**ACTION ITEM**
After locating the line that contains "fun B => G B \/ B = A." in the following entries, reproduce it and each later line exactly, including the last.

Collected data
◇ ◇ ◇ ◇
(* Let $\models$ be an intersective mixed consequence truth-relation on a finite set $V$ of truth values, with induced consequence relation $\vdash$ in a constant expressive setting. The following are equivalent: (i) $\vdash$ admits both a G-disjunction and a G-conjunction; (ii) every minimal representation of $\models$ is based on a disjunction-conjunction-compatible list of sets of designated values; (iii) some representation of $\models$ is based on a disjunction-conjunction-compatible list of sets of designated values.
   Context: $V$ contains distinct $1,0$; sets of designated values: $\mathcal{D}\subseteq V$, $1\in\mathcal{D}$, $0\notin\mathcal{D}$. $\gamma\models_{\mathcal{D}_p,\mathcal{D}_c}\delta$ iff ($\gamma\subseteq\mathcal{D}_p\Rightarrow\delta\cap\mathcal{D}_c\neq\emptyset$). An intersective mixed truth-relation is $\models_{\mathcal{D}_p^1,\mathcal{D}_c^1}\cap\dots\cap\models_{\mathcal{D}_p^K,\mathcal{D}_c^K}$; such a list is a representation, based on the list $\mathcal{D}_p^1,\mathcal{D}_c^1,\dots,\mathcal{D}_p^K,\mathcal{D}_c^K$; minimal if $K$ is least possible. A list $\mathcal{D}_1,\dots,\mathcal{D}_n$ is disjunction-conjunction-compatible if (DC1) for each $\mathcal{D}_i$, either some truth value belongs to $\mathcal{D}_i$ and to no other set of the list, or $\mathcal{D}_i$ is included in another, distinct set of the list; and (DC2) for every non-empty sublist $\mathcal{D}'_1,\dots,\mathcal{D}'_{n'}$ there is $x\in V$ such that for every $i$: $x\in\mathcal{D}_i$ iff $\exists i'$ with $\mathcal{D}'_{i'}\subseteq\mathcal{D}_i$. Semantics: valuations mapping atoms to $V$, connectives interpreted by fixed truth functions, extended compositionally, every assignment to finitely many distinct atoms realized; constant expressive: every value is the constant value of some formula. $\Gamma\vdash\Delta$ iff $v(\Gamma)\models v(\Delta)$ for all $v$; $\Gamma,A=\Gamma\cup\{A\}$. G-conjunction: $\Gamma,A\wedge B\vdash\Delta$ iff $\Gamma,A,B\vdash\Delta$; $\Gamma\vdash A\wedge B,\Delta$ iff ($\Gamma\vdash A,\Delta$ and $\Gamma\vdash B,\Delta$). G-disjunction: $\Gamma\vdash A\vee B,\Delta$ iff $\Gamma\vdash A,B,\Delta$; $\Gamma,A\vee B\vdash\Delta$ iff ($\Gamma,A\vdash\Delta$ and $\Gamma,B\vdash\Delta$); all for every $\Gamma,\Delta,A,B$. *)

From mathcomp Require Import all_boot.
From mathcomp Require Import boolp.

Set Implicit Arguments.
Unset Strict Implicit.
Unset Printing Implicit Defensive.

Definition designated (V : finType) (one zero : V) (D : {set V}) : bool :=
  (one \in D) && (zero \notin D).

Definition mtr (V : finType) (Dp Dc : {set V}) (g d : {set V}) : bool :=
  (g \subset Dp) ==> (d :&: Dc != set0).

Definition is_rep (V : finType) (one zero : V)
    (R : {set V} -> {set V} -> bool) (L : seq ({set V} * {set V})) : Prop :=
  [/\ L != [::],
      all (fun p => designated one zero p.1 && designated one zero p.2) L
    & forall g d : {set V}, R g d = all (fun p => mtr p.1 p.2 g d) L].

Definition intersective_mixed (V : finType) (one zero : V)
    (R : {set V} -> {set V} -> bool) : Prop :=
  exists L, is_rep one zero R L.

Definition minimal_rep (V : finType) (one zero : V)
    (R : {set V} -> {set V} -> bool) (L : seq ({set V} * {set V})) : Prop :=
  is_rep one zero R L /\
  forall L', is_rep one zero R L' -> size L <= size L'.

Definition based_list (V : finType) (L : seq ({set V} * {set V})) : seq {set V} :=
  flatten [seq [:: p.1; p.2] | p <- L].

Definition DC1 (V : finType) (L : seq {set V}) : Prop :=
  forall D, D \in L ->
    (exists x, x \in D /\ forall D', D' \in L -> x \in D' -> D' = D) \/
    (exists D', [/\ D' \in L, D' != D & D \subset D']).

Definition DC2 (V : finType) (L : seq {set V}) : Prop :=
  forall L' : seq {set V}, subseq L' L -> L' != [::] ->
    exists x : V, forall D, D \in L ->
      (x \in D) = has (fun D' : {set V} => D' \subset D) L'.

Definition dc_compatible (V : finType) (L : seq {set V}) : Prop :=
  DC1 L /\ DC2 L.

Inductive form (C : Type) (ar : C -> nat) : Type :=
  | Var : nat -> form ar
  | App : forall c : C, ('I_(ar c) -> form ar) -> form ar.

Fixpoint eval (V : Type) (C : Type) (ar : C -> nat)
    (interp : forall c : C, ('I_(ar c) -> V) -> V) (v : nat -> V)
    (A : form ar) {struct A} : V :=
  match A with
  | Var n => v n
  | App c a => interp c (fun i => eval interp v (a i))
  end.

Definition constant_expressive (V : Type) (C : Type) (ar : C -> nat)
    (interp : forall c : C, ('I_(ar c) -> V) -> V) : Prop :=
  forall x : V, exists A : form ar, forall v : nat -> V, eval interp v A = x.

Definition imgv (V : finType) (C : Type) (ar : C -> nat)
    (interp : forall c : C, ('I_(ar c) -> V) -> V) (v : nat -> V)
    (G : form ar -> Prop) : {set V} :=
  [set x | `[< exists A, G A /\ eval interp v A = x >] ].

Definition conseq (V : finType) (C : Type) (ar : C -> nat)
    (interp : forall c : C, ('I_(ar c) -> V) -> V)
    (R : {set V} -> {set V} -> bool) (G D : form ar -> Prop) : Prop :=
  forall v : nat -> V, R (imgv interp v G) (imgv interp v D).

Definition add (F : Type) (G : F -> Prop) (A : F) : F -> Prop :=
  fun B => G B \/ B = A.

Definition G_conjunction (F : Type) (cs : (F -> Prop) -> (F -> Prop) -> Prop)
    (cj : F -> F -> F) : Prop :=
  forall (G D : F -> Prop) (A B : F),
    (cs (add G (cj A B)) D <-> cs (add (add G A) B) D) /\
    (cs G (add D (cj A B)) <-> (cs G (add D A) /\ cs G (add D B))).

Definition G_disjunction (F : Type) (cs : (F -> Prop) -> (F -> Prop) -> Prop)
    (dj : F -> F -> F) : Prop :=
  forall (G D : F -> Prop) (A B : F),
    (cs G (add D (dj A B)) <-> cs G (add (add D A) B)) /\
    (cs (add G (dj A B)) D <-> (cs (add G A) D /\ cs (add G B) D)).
◇ ◇ ◇ ◇
**RESULT**
  fun B => G B \/ B = A.

Definition G_conjunction (F : Type) (cs : (F -> Prop) -> (F -> Prop) -> Prop)
    (cj : F -> F -> F) : Prop :=
  forall (G D : F -> Prop) (A B : F),
    (cs (add G (cj A B)) D <-> cs (add (add G A) B) D) /\
    (cs G (add D (cj A B)) <-> (cs G (add D A) /\ cs G (add D B))).

Definition G_disjunction (F : Type) (cs : (F -> Prop) -> (F -> Prop) -> Prop)
    (dj : F -> F -> F) : Prop :=
  forall (G D : F -> Prop) (A B : F),
    (cs G (add D (dj A B)) <-> cs G (add (add D A) B)) /\
    (cs (add G (dj A B)) D <-> (cs (add G A) D /\ cs (add G B) D)).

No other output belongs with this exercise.